The decision of the Delhi High Court is the only decision of the competent court in the country.  A question arises as to whether the decision of the Delhi High Court under consideration is binding throughout the country or it is binding only to cases falling within the jurisdiction of the Delhi High Court.   In this connection it is relevant to note that Bombay High Court in the case of  Group M. Media India Pvt. Ltd. vs. Union of India [(2017) 77 taxmann.com 106] was dealing with a case where the Bombay High Court was concerned with an instruction which had been struck down by the Delhi High Court.  The Court, observed as under –  “Therefore, in view of the decision of this Court in Smt. Godavaridevi Saraf (supra), the officers implementing the Act are bound by the decision of the Delhi High Court and Instruction No.1 of 2015 dated 13th January, 2015 has ceased to exist. Therefore, no reference to the above Instruction can be made by the Assessing Officer while disposing of the petitioner’s application in processing its return u/s. 143(1) of the Act and consequent refund, if any, u/s. 143(1D) of the Act. Needless to state that the Assessing Officer would independently apply his mind and take a decision in terms of Section 143 (1D) of the Act whether or not to grant a refund in the facts and circumstances of the petitioner’s case for A.Y. 2015-16.”

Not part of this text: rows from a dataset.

(* Let $(\mathcal{C},\tau)$ be a braided $\mathcal{E}$-module. Then for all $e,e'\in\mathcal{E}$ and $x\in\mathcal{C}$: (1) $(r_{e,e'}\odot 1_x)\circ\tau_{e,\,e'\odot x}=(1_{e'}\odot\tau_{e,x})\circ(r_{e,e'}\odot 1_x)$ as morphisms $e\odot e'\odot x\to e'\odot e\odot x$; (2) $\tau_{e\otimes e',x}=\tau_{e,\,e'\odot x}\circ(1_e\odot\tau_{e',x})$ as morphisms $e\odot e'\odot x\to e\odot e'\odot x$.
   Context: Let $\Bbbk$ be an algebraically closed field of characteristic zero and $\mathcal{E}$ a symmetric fusion category over $\Bbbk$ with symmetric braiding $r_{e,e'}:e\otimes e'\to e'\otimes e$ and unit $\mathbf{1}_{\mathcal{E}}$. A finite semisimple $\mathcal{E}$-module $\mathcal{C}$ here is a finite semisimple $\Bbbk$-linear abelian category with a $\Bbbk$-bilinear left action $e\odot x$ and a right action $x\odot e$ of $\mathcal{E}$, with coherent associativity and unit isomorphisms; all associativity isomorphisms (such as $(e\otimes e')\odot x\cong e\odot(e'\odot x)$) are suppressed, and ''$1$'' denotes an identity morphism. An $\mathcal{E}$-module braiding on $\mathcal{C}$ is a natural isomorphism $\tau_{e,x}=\tau^2_{x,e}\circ\tau^1_{e,x}:e\odot x\to e\odot x$, given by natural isomorphisms $\tau^1_{e,x}:e\odot x\to x\odot e$ and $\tau^2_{x,e}:x\odot e\to e\odot x$, such that $\tau_{\mathbf{1}_{\mathcal{E}},x}=\mathrm{id}$ and for all $e,e'\in\mathcal{E}$, $x\in\mathcal{C}$: (a) $\tau^1_{e,\,e'\odot x}=(1_{e'}\odot\tau^1_{e,x})\circ(r_{e,e'}\odot 1_x)$; (b) $\tau^2_{e'\odot x,\,e}=(r_{e',e}\odot 1_x)\circ(1_{e'}\odot\tau^2_{x,e})$; (c) $\tau^1_{e\otimes e',x}=(\tau^1_{e,x}\odot 1_{e'})\circ(1_e\odot\tau^1_{e',x})$; (d) $\tau^2_{x,e\otimes e'}=(1_e\odot\tau^2_{x,e'})\circ(\tau^2_{x,e}\odot 1_{e'})$. A braided $\mathcal{E}$-module is a finite semisimple $\mathcal{E}$-module equipped with an $\mathcal{E}$-module braiding. *)

Set Implicit Arguments.
Unset Strict Implicit.
Set Universe Polymorphism.

Record Cat := {
  ob :> Type;
  hom : ob -> ob -> Type;
  idm : forall a, hom a a;
  comp : forall a b c, hom b c -> hom a b -> hom a c;
  comp_id_l : forall a b (f : hom a b), comp (idm b) f = f;
  comp_id_r : forall a b (f : hom a b), comp f (idm a) = f;
  comp_assoc : forall a b c d (f : hom a b) (g : hom b c) (h : hom c d),
      comp h (comp g f) = comp (comp h g) f }.

Arguments hom {_} _ _.
Arguments idm {_} _.
Arguments comp {_ _ _ _} _ _.

Notation "g ∘ f" := (comp g f) (at level 40, left associativity).

Record SymMonCat := {
  smc :> Cat;
  tens : smc -> smc -> smc;
  tensm : forall a b c d, hom a b -> hom c d -> hom (tens a c) (tens b d);
  tensm_id : forall a c, tensm (idm a) (idm c) = idm (tens a c);
  tensm_comp : forall a b b' c d d' (f : hom a b) (g : hom b b')
      (f' : hom c d) (g' : hom d d'),
      tensm (g ∘ f) (g' ∘ f') = tensm g g' ∘ tensm f f';
  unitE : smc;
  asc : forall a b c, hom (tens (tens a b) c) (tens a (tens b c));
  asc_inv : forall a b c, hom (tens a (tens b c)) (tens (tens a b) c);
  asc_iso1 : forall a b c, asc_inv a b c ∘ asc a b c = idm _;
  asc_iso2 : forall a b c, asc a b c ∘ asc_inv a b c = idm _;
  asc_nat : forall a a' b b' c c' (f : hom a a') (g : hom b b') (h : hom c c'),
      asc a' b' c' ∘ tensm (tensm f g) h = tensm f (tensm g h) ∘ asc a b c;
  lun : forall a, hom (tens unitE a) a;
  lun_inv : forall a, hom a (tens unitE a);
  lun_iso1 : forall a, lun_inv a ∘ lun a = idm _;
  lun_iso2 : forall a, lun a ∘ lun_inv a = idm _;
  lun_nat : forall a b (f : hom a b), lun b ∘ tensm (idm unitE) f = f ∘ lun a;
  run : forall a, hom (tens a unitE) a;
  run_inv : forall a, hom a (tens a unitE);
  run_iso1 : forall a, run_inv a ∘ run a = idm _;
  run_iso2 : forall a, run a ∘ run_inv a = idm _;
  run_nat : forall a b (f : hom a b), run b ∘ tensm f (idm unitE) = f ∘ run a;
  pentagon : forall a b c d,
      asc a b (tens c d) ∘ asc (tens a b) c d
      = tensm (idm a) (asc b c d) ∘ asc a (tens b c) d ∘ tensm (asc a b c) (idm d);
  triangle : forall a b,
      tensm (idm a) (lun b) ∘ asc a unitE b = tensm (run a) (idm b);
  braid : forall a b, hom (tens a b) (tens b a);
  braid_nat : forall a a' b b' (f : hom a a') (g : hom b b'),
      braid a' b' ∘ tensm f g = tensm g f ∘ braid a b;
  braid_sym : forall a b, braid b a ∘ braid a b = idm (tens a b);
  hexagon : forall a b c,
      asc b c a ∘ braid a (tens b c) ∘ asc a b c
      = tensm (idm b) (braid a c) ∘ asc b a c ∘ tensm (braid a b) (idm c) }.

Arguments tens {_} _ _.
Arguments tensm {_ _ _ _ _} _ _.
Arguments unitE {_}.
Arguments braid {_} _ _.

(** * Bimodule categories over a symmetric monoidal category
    (left action e ⊙ x, right action x ⊙ e, with associativity isomorphisms
     aL : (e⊗e')⊙x -> e⊙(e'⊙x), aR : x⊙(e⊗e') -> (x⊙e)⊙e',
     aM : (e⊙x)⊙e' -> e⊙(x⊙e'), and unit isomorphisms). *)
Record BiModCat (E : SymMonCat) := {
  bmc :> Cat;
  lact : E -> bmc -> bmc;
  lactm : forall (e e' : E) (x y : bmc), hom e e' -> hom x y -> hom (lact e x) (lact e' y);
  lactm_id : forall (e : E) (x : bmc), lactm (idm e) (idm x) = idm (lact e x);
  lactm_comp : forall (e1 e2 e3 : E) (x1 x2 x3 : bmc) (f : hom e1 e2) (f' : hom e2 e3)
      (g : hom x1 x2) (g' : hom x2 x3),
      lactm (f' ∘ f) (g' ∘ g) = lactm f' g' ∘ lactm f g;
  ract : bmc -> E -> bmc;
  ractm : forall (x y : bmc) (e e' : E), hom x y -> hom e e' -> hom (ract x e) (ract y e');
  ractm_id : forall (x : bmc) (e : E), ractm (idm x) (idm e) = idm (ract x e);
  ractm_comp : forall (x1 x2 x3 : bmc) (e1 e2 e3 : E) (g : hom x1 x2) (g' : hom x2 x3)
      (f : hom e1 e2) (f' : hom e2 e3),
      ractm (g' ∘ g) (f' ∘ f) = ractm g' f' ∘ ractm g f;
  aL : forall (e e' : E) (x : bmc), hom (lact (tens e e') x) (lact e (lact e' x));
  aL_inv : forall (e e' : E) (x : bmc), hom (lact e (lact e' x)) (lact (tens e e') x);
  aL_iso1 : forall e e' x, aL_inv e e' x ∘ aL e e' x = idm _;
  aL_iso2 : forall e e' x, aL e e' x ∘ aL_inv e e' x = idm _;
  aL_nat : forall (e1 e2 e1' e2' : E) (x y : bmc) (f : hom e1 e2) (f' : hom e1' e2') (g : hom x y),
      aL e2 e2' y ∘ lactm (tensm f f') g = lactm f (lactm f' g) ∘ aL e1 e1' x;
  aR : forall (x : bmc) (e e' : E), hom (ract x (tens e e')) (ract (ract x e) e');
  aR_inv : forall (x : bmc) (e e' : E), hom (ract (ract x e) e') (ract x (tens e e'));
  aR_iso1 : forall x e e', aR_inv x e e' ∘ aR x e e' = idm _;
  aR_iso2 : forall x e e', aR x e e' ∘ aR_inv x e e' = idm _;
  aR_nat : forall (x y : bmc) (e1 e2 e1' e2' : E) (g : hom x y) (f : hom e1 e2) (f' : hom e1' e2'),
      aR y e2 e2' ∘ ractm g (tensm f f') = ractm (ractm g f) f' ∘ aR x e1 e1';
  aM : forall (e : E) (x : bmc) (e' : E), hom (ract (lact e x) e') (lact e (ract x e'));
  aM_inv : forall (e : E) (x : bmc) (e' : E), hom (lact e (ract x e')) (ract (lact e x) e');
  aM_iso1 : forall e x e', aM_inv e x e' ∘ aM e x e' = idm _;
  aM_iso2 : forall e x e', aM e x e' ∘ aM_inv e x e' = idm _;
  aM_nat : forall (e1 e2 : E) (x y : bmc) (e1' e2' : E) (f : hom e1 e2) (g : hom x y) (f' : hom e1' e2'),
      aM e2 y e2' ∘ ractm (lactm f g) f' = lactm f (ractm g f') ∘ aM e1 x e1';
  lunC : forall (x : bmc), hom (lact unitE x) x;
  lunC_inv : forall (x : bmc), hom x (lact unitE x);
  lunC_iso1 : forall x, lunC_inv x ∘ lunC x = idm _;
  lunC_iso2 : forall x, lunC x ∘ lunC_inv x = idm _;
  lunC_nat : forall (x y : bmc) (g : hom x y), lunC y ∘ lactm (idm unitE) g = g ∘ lunC x;
  runC : forall (x : bmc), hom (ract x unitE) x;
  runC_inv : forall (x : bmc), hom x (ract x unitE);
  runC_iso1 : forall x, runC_inv x ∘ runC x = idm _;
  runC_iso2 : forall x, runC x ∘ runC_inv x = idm _;
  runC_nat : forall (x y : bmc) (g : hom x y), runC y ∘ ractm g (idm unitE) = g ∘ runC x }.

Arguments lact {_ _} _ _.
Arguments lactm {_ _ _ _ _ _} _ _.
Arguments ract {_ _} _ _.
Arguments ractm {_ _ _ _ _ _} _ _.
Arguments aL {_ _} _ _ _.
Arguments aL_inv {_ _} _ _ _.
Arguments aR {_ _} _ _ _.
Arguments aR_inv {_ _} _ _ _.
Arguments aM {_ _} _ _ _.
Arguments aM_inv {_ _} _ _ _.

(** * E-module braidings, with the suppressed associativity isomorphisms
    of axioms (a)-(d) reinstated. *)
Record ModBraiding (E : SymMonCat) (C : BiModCat E) := {
  tau1 : forall (e : E) (x : C), hom (lact e x) (ract x e);
  tau1_inv : forall (e : E) (x : C), hom (ract x e) (lact e x);
  tau1_iso1 : forall e x, tau1_inv e x ∘ tau1 e x = idm _;
  tau1_iso2 : forall e x, tau1 e x ∘ tau1_inv e x = idm _;
  tau1_nat : forall (e e' : E) (x y : C) (f : hom e e') (g : hom x y),
      tau1 e' y ∘ lactm f g = ractm g f ∘ tau1 e x;
  tau2 : forall (x : C) (e : E), hom (ract x e) (lact e x);
  tau2_inv : forall (x : C) (e : E), hom (lact e x) (ract x e);
  tau2_iso1 : forall x e, tau2_inv x e ∘ tau2 x e = idm _;
  tau2_iso2 : forall x e, tau2 x e ∘ tau2_inv x e = idm _;
  tau2_nat : forall (x y : C) (e e' : E) (g : hom x y) (f : hom e e'),
      tau2 y e' ∘ ractm g f = lactm f g ∘ tau2 x e;
  tau_unit : forall x : C, tau2 x unitE ∘ tau1 unitE x = idm (lact unitE x);
  (* (a) tau1_{e, e'⊙x} = (1_{e'} ⊙ tau1_{e,x}) ∘ (r_{e,e'} ⊙ 1_x) *)
  ax_a : forall (e e' : E) (x : C),
      tau1 e (lact e' x)
      = aM_inv e' x e ∘ lactm (idm e') (tau1 e x) ∘ aL e' e x
        ∘ lactm (braid e e') (idm x) ∘ aL_inv e e' x;
  (* (b) tau2_{e'⊙x, e} = (r_{e',e} ⊙ 1_x) ∘ (1_{e'} ⊙ tau2_{x,e}) *)
  ax_b : forall (e e' : E) (x : C),
      tau2 (lact e' x) e
      = aL e e' x ∘ lactm (braid e' e) (idm x) ∘ aL_inv e' e x
        ∘ lactm (idm e') (tau2 x e) ∘ aM e' x e;
  (* (c) tau1_{e⊗e', x} = (tau1_{e,x} ⊙ 1_{e'}) ∘ (1_e ⊙ tau1_{e',x}) *)
  ax_c : forall (e e' : E) (x : C),
      tau1 (tens e e') x
      = aR_inv x e e' ∘ ractm (tau1 e x) (idm e') ∘ aM_inv e x e'
        ∘ lactm (idm e) (tau1 e' x) ∘ aL e e' x;
  (* (d) tau2_{x, e⊗e'} = (1_e ⊙ tau2_{x,e'}) ∘ (tau2_{x,e} ⊙ 1_{e'}) *)
  ax_d : forall (e e' : E) (x : C),
      tau2 x (tens e e')
      = aL_inv e e' x ∘ lactm (idm e) (tau2 x e') ∘ aM e x e'
        ∘ ractm (tau2 x e) (idm e') ∘ aR x e e' }.

Arguments tau1 {_ _} _ _ _.
Arguments tau2 {_ _} _ _ _.

Definition tau {E : SymMonCat} {C : BiModCat E} (B : ModBraiding C) (e : E) (x : C)
  : hom (lact e x) (lact e x) := tau2 B x e ∘ tau1 B e x.


(* Axioms (a) and (b) say that tau on e' ⊙ x is the conjugate of 1 ⊙ tau_{e,x}
   by r_{e,e'} ⊙ 1 (transported along the associators), an involution because r
   is symmetric; this gives (1).  Axioms (c) and (d) write tau_{e⊗e',x} as
   (1 ⊙ tau2_{x,e'}) (tau_{e,x} ⊙ 1) (1 ⊙ tau1_{e',x}) up to associators.
   Read backwards, (a) and (b) for the pair (e', e) turn the outer factors into
   tau1_{e',e⊙x} and tau2_{e⊙x,e'} up to the involution; naturality of tau2
   moves tau_{e,x} to the left, and the conjugation formula for tau_{e',e⊙x}
   then yields tau_{e,e'⊙x} (1 ⊙ tau_{e',x}). *)

Section CategoryRewriting.
Context {C : Cat}.

Lemma comp_eq_l {a b c : C} {f : hom a b} {g : hom b c} {h : hom a c} :
  g ∘ f = h -> forall d (k : hom c d), k ∘ g ∘ f = k ∘ h.
Proof. intros H d k. rewrite <- comp_assoc, H. reflexivity. Qed.

Lemma comp_inv_l_eq {a b c : C} {f : hom a b} {g : hom b a} {h : hom c b} {k : hom c a} :
  g ∘ f = idm a -> h = f ∘ k -> g ∘ h = k.
Proof. intros Hgf ->. rewrite comp_assoc, Hgf, comp_id_l. reflexivity. Qed.

Lemma comp_inv_r_eq {a b c : C} {f : hom a b} {g : hom b a} {h : hom a c} {k : hom b c} :
  f ∘ g = idm b -> h = k ∘ f -> h ∘ g = k.
Proof. intros Hfg ->. rewrite <- comp_assoc, Hfg, comp_id_r. reflexivity. Qed.

End CategoryRewriting.

(* Composites are kept left-associated, so that a two-factor redex [g ∘ f]
   occurs either as a subterm or as [k ∘ g ∘ f]. *)
Ltac assoc_l := repeat rewrite comp_assoc.
Ltac rewrite_assoc H :=
  assoc_l; first [rewrite (comp_eq_l H) | rewrite H]; assoc_l.

Section ActionBraiding.
Context {E : SymMonCat} {C : BiModCat E}.

Lemma lactm_id_comp (e : E) {x y z : C} (f : hom x y) (g : hom y z) :
  lactm (idm e) g ∘ lactm (idm e) f = lactm (idm e) (g ∘ f).
Proof. rewrite <- lactm_comp, comp_id_l. reflexivity. Qed.

Lemma ractm_comp_id (e : E) {x y z : C} (f : hom x y) (g : hom y z) :
  ractm g (idm e) ∘ ractm f (idm e) = ractm (g ∘ f) (idm e).
Proof. rewrite <- ractm_comp, comp_id_l. reflexivity. Qed.

Definition lact_braid (e e' : E) (x : C) : hom (lact e (lact e' x)) (lact e' (lact e x)) :=
  aL e' e x ∘ lactm (braid e e') (idm x) ∘ aL_inv e e' x.

Lemma lact_braid_sym (e e' : E) (x : C) :
  lact_braid e' e x ∘ lact_braid e e' x = idm _.
Proof.
  unfold lact_braid. assoc_l.
  rewrite_assoc (aL_iso1 e' e x). rewrite comp_id_r.
  rewrite_assoc (eq_sym (lactm_comp (braid e e') (braid e' e) (idm x) (idm x))).
  rewrite braid_sym, comp_id_l, lactm_id, comp_id_r. apply aL_iso2.
Qed.

End ActionBraiding.

Section ModuleBraiding.
Context {E : SymMonCat} {C : BiModCat E} (B : ModBraiding C).

Lemma tau1_lact (e e' : E) (x : C) :
  tau1 B e (lact e' x)
  = aM_inv e' x e ∘ lactm (idm e') (tau1 B e x) ∘ lact_braid e e' x.
Proof. rewrite (ax_a B). unfold lact_braid. assoc_l. reflexivity. Qed.

Lemma tau2_lact (e e' : E) (x : C) :
  tau2 B (lact e' x) e
  = lact_braid e' e x ∘ lactm (idm e') (tau2 B x e) ∘ aM e' x e.
Proof. rewrite (ax_b B). reflexivity. Qed.

Lemma tau_lact (e e' : E) (x : C) :
  tau B e (lact e' x)
  = lact_braid e' e x ∘ lactm (idm e') (tau B e x) ∘ lact_braid e e' x.
Proof.
  unfold tau. rewrite tau1_lact, tau2_lact. assoc_l.
  rewrite_assoc (aM_iso2 e' x e). rewrite comp_id_r.
  rewrite_assoc (lactm_id_comp e' (tau1 B e x) (tau2 B x e)). reflexivity.
Qed.

Lemma lact_braid_tau (e e' : E) (x : C) :
  lact_braid e e' x ∘ tau B e (lact e' x)
  = lactm (idm e') (tau B e x) ∘ lact_braid e e' x.
Proof.
  apply (comp_inv_l_eq (lact_braid_sym e' e x)).
  rewrite tau_lact. assoc_l. reflexivity.
Qed.

Lemma lactm_tau2_aM (e e' : E) (x : C) :
  lactm (idm e) (tau2 B x e') ∘ aM e x e' = lact_braid e' e x ∘ tau2 B (lact e x) e'.
Proof.
  symmetry. apply (comp_inv_l_eq (lact_braid_sym e e' x)).
  rewrite tau2_lact. assoc_l. reflexivity.
Qed.

Lemma aM_inv_lactm_tau1 (e e' : E) (x : C) :
  aM_inv e x e' ∘ lactm (idm e) (tau1 B e' x) = tau1 B e' (lact e x) ∘ lact_braid e e' x.
Proof.
  symmetry. apply (comp_inv_r_eq (lact_braid_sym e e' x)). apply tau1_lact.
Qed.

Lemma tau_tens (e e' : E) (x : C) :
  aL e e' x ∘ tau B (tens e e') x ∘ aL_inv e e' x
  = lactm (idm e) (tau2 B x e') ∘ aM e x e' ∘ ractm (tau B e x) (idm e')
    ∘ aM_inv e x e' ∘ lactm (idm e) (tau1 B e' x).
Proof.
  unfold tau. rewrite (ax_c B), (ax_d B). assoc_l.
  rewrite (aL_iso2 e e' x), comp_id_l.
  rewrite_assoc (aR_iso2 x e e'). rewrite comp_id_r.
  rewrite_assoc (aL_iso2 e e' x). rewrite comp_id_r.
  rewrite_assoc (ractm_comp_id e' (tau1 B e x) (tau2 B x e)). reflexivity.
Qed.

Lemma tau_tens_lact (e e' : E) (x : C) :
  aL e e' x ∘ tau B (tens e e') x ∘ aL_inv e e' x
  = tau B e (lact e' x) ∘ lactm (idm e) (tau B e' x).
Proof.
  rewrite tau_tens, lactm_tau2_aM. assoc_l.
  rewrite_assoc (aM_inv_lactm_tau1 e e' x).
  rewrite_assoc (tau2_nat B (tau B e x) (idm e')).
  rewrite <- (comp_assoc (tau1 B e' (lact e x))). fold (tau B e' (lact e x)).
  rewrite (tau_lact e' e x). rewrite_assoc (eq_sym (tau_lact e e' x)).
  rewrite_assoc (lact_braid_sym e e' x). rewrite comp_id_r. reflexivity.
Qed.

End ModuleBraiding.

Theorem proposition2p5 (E : SymMonCat) (C : BiModCat E) (B : ModBraiding C) :
  forall (e e' : E) (x : C),
    (* (1): (r_{e,e'} ⊙ 1_x) ∘ tau_{e, e'⊙x} = (1_{e'} ⊙ tau_{e,x}) ∘ (r_{e,e'} ⊙ 1_x) *)
    aL e' e x ∘ lactm (braid e e') (idm x) ∘ aL_inv e e' x ∘ tau B e (lact e' x)
    = lactm (idm e') (tau B e x) ∘ aL e' e x ∘ lactm (braid e e') (idm x) ∘ aL_inv e e' x
    /\
    (* (2): tau_{e⊗e', x} = tau_{e, e'⊙x} ∘ (1_e ⊙ tau_{e',x}) *)
    aL e e' x ∘ tau B (tens e e') x ∘ aL_inv e e' x
    = tau B e (lact e' x) ∘ lactm (idm e) (tau B e' x).
Proof.
  intros e e' x. split.
  - transitivity (lactm (idm e') (tau B e x) ∘ lact_braid e e' x).
    + apply lact_braid_tau.
    + unfold lact_braid. assoc_l. reflexivity.
  - apply tau_tens_lact.
Qed.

In view of the above observations of the Bombay High Court, it appears that the ratio of the decision of the Delhi High Court could be considered to be binding on all the officers implementing the Act.

BCAS had made number of suggestions through representations (November 20161  to scrap ICDS and December 20152  on specific aspects of all 10 ICDS) which did not find favour in the formulation / implementation of ICDS. When the need of the hour is to bring tax certainty, bringing more cohesiveness amongst laws and bring reduction in multiplicity of compliances, ICDS in their present form are taking things in a contrary direction. It is unfortunate that the tax payers have to seek judicial intervention to arrest anomalies that are already pointed out through well reasoned representations.

This intervention and Court’s strictures seem to be a beginning of the battle over ICDS. Time will only tell as to what would be fate of these and many more controversial provisions of ICDS.